**PROBLEM TO WORK ON:** In the listing below, find the line containing "Definition cont_on_strip (T" and the line containing "invariant backward along". Repeat exactly those two lines and every line between them.

**MATERIALS PROVIDED:**
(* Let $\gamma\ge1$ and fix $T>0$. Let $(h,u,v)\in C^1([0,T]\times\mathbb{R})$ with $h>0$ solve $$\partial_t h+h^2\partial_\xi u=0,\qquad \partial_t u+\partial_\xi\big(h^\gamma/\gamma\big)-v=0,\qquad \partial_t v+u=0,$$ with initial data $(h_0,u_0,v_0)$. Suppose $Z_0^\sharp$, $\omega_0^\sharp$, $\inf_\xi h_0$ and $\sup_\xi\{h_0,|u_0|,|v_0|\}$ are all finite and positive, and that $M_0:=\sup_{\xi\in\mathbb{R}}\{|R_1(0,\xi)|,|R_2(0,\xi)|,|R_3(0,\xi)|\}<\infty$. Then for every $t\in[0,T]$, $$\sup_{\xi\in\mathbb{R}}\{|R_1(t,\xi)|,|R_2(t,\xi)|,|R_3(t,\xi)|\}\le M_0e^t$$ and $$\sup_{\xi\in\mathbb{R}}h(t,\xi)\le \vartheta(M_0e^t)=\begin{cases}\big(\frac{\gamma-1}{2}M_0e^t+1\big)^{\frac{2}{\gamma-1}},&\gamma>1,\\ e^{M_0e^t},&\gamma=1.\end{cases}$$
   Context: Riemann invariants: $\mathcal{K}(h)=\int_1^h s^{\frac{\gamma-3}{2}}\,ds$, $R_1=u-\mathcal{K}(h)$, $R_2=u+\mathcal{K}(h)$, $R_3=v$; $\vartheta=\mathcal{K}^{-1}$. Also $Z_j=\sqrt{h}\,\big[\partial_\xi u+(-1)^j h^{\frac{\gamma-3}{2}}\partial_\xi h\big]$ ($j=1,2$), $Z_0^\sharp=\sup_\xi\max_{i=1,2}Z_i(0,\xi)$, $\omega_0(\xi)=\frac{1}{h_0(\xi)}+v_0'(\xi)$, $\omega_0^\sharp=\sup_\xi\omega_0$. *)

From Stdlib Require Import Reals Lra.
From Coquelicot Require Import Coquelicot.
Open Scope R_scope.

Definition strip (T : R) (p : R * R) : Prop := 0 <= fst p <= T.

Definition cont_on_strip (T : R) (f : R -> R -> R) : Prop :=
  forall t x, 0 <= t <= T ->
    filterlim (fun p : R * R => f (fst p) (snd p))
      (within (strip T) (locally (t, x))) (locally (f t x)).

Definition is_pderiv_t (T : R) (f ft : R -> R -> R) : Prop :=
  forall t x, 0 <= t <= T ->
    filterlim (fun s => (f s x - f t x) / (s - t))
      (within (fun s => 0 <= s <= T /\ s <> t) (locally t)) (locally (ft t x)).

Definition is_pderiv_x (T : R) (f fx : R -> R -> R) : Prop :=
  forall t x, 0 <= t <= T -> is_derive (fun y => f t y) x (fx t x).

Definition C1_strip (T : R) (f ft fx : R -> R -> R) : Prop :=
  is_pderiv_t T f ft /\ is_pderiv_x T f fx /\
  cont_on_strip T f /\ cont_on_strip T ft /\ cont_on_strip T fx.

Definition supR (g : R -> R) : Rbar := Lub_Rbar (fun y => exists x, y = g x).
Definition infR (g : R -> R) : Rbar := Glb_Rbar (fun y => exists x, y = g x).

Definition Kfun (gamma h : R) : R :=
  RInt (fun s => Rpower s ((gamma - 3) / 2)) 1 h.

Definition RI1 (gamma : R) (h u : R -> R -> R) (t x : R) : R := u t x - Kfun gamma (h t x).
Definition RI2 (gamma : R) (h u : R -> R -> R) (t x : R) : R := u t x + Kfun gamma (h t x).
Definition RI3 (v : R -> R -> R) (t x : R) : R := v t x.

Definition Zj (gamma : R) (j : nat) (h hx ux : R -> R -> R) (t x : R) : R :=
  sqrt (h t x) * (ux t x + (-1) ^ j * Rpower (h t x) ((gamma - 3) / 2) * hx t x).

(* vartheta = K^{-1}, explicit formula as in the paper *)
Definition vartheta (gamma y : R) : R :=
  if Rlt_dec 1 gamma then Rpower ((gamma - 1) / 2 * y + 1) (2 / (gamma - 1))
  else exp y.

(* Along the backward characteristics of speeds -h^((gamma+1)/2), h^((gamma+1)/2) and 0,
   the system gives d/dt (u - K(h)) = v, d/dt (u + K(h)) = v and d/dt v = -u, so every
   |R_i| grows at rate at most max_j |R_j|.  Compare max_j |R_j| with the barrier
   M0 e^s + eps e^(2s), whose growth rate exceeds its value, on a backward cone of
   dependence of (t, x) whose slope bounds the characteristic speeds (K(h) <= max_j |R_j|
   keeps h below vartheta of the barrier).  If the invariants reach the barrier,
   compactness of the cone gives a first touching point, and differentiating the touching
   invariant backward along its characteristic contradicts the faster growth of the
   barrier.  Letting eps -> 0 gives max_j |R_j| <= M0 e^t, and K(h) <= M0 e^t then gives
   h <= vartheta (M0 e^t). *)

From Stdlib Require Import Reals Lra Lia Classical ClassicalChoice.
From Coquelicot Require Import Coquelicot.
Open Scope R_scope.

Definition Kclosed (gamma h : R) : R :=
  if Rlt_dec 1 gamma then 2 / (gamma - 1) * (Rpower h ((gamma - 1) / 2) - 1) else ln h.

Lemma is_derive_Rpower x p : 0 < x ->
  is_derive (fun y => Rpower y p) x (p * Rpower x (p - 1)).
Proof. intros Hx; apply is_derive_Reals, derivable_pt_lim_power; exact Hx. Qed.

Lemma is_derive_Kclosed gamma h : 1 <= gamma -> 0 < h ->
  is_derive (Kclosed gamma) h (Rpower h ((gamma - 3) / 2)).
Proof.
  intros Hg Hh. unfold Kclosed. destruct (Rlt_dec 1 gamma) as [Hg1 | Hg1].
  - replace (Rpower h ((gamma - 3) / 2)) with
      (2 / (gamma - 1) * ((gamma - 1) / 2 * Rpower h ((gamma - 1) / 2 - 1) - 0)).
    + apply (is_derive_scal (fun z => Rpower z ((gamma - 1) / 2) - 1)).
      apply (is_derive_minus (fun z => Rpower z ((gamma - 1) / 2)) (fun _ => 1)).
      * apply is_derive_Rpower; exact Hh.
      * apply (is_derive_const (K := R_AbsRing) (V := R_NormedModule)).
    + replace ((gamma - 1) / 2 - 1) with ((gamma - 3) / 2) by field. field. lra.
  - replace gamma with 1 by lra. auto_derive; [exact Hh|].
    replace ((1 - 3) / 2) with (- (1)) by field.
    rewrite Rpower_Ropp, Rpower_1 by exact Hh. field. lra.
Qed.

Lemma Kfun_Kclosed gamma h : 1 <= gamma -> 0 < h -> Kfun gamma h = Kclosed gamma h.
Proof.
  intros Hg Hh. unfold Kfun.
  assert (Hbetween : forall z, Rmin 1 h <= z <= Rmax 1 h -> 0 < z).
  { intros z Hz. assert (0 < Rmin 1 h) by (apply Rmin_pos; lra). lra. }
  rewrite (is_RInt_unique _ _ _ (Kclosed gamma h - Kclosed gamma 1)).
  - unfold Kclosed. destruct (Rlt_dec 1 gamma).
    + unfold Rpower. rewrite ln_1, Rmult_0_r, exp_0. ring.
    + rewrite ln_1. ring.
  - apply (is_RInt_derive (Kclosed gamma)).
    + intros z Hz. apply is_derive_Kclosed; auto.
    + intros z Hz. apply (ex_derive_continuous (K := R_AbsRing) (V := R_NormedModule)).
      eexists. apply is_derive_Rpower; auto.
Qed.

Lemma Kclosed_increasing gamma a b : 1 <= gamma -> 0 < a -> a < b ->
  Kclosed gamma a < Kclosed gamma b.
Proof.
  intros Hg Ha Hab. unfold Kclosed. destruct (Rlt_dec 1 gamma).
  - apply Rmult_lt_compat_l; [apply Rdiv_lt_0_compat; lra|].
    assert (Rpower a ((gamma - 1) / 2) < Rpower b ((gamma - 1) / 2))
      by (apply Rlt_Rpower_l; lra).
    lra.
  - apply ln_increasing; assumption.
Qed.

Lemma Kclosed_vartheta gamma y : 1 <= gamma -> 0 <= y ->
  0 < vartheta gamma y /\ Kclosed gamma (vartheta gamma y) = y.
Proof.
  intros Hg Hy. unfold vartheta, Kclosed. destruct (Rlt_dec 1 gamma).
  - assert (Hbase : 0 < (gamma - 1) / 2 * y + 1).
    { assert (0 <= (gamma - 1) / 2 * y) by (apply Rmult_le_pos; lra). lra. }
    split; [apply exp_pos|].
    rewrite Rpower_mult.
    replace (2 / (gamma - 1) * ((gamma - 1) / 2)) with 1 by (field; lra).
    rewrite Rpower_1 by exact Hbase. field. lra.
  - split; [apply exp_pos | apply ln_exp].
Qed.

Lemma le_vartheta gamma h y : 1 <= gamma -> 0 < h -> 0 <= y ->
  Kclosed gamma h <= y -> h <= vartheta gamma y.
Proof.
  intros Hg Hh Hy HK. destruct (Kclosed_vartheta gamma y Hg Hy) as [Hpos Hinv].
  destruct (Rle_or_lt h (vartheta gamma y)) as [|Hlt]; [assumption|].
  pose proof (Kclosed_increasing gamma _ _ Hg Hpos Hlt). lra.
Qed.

**PROBLEM SOLUTION:**
Definition cont_on_strip (T : R) (f : R -> R -> R) : Prop :=
  forall t x, 0 <= t <= T ->
    filterlim (fun p : R * R => f (fst p) (snd p))
      (within (strip T) (locally (t, x))) (locally (f t x)).

Definition is_pderiv_t (T : R) (f ft : R -> R -> R) : Prop :=
  forall t x, 0 <= t <= T ->
    filterlim (fun s => (f s x - f t x) / (s - t))
      (within (fun s => 0 <= s <= T /\ s <> t) (locally t)) (locally (ft t x)).

Definition is_pderiv_x (T : R) (f fx : R -> R -> R) : Prop :=
  forall t x, 0 <= t <= T -> is_derive (fun y => f t y) x (fx t x).

Definition C1_strip (T : R) (f ft fx : R -> R -> R) : Prop :=
  is_pderiv_t T f ft /\ is_pderiv_x T f fx /\
  cont_on_strip T f /\ cont_on_strip T ft /\ cont_on_strip T fx.

Definition supR (g : R -> R) : Rbar := Lub_Rbar (fun y => exists x, y = g x).
Definition infR (g : R -> R) : Rbar := Glb_Rbar (fun y => exists x, y = g x).

Definition Kfun (gamma h : R) : R :=
  RInt (fun s => Rpower s ((gamma - 3) / 2)) 1 h.

Definition RI1 (gamma : R) (h u : R -> R -> R) (t x : R) : R := u t x - Kfun gamma (h t x).
Definition RI2 (gamma : R) (h u : R -> R -> R) (t x : R) : R := u t x + Kfun gamma (h t x).
Definition RI3 (v : R -> R -> R) (t x : R) : R := v t x.

Definition Zj (gamma : R) (j : nat) (h hx ux : R -> R -> R) (t x : R) : R :=
  sqrt (h t x) * (ux t x + (-1) ^ j * Rpower (h t x) ((gamma - 3) / 2) * hx t x).

(* vartheta = K^{-1}, explicit formula as in the paper *)
Definition vartheta (gamma y : R) : R :=
  if Rlt_dec 1 gamma then Rpower ((gamma - 1) / 2 * y + 1) (2 / (gamma - 1))
  else exp y.

(* Along the backward characteristics of speeds -h^((gamma+1)/2), h^((gamma+1)/2) and 0,
   the system gives d/dt (u - K(h)) = v, d/dt (u + K(h)) = v and d/dt v = -u, so every
   |R_i| grows at rate at most max_j |R_j|.  Compare max_j |R_j| with the barrier
   M0 e^s + eps e^(2s), whose growth rate exceeds its value, on a backward cone of
   dependence of (t, x) whose slope bounds the characteristic speeds (K(h) <= max_j |R_j|
   keeps h below vartheta of the barrier).  If the invariants reach the barrier,
   compactness of the cone gives a first touching point, and differentiating the touching
   invariant backward along its characteristic contradicts the faster growth of the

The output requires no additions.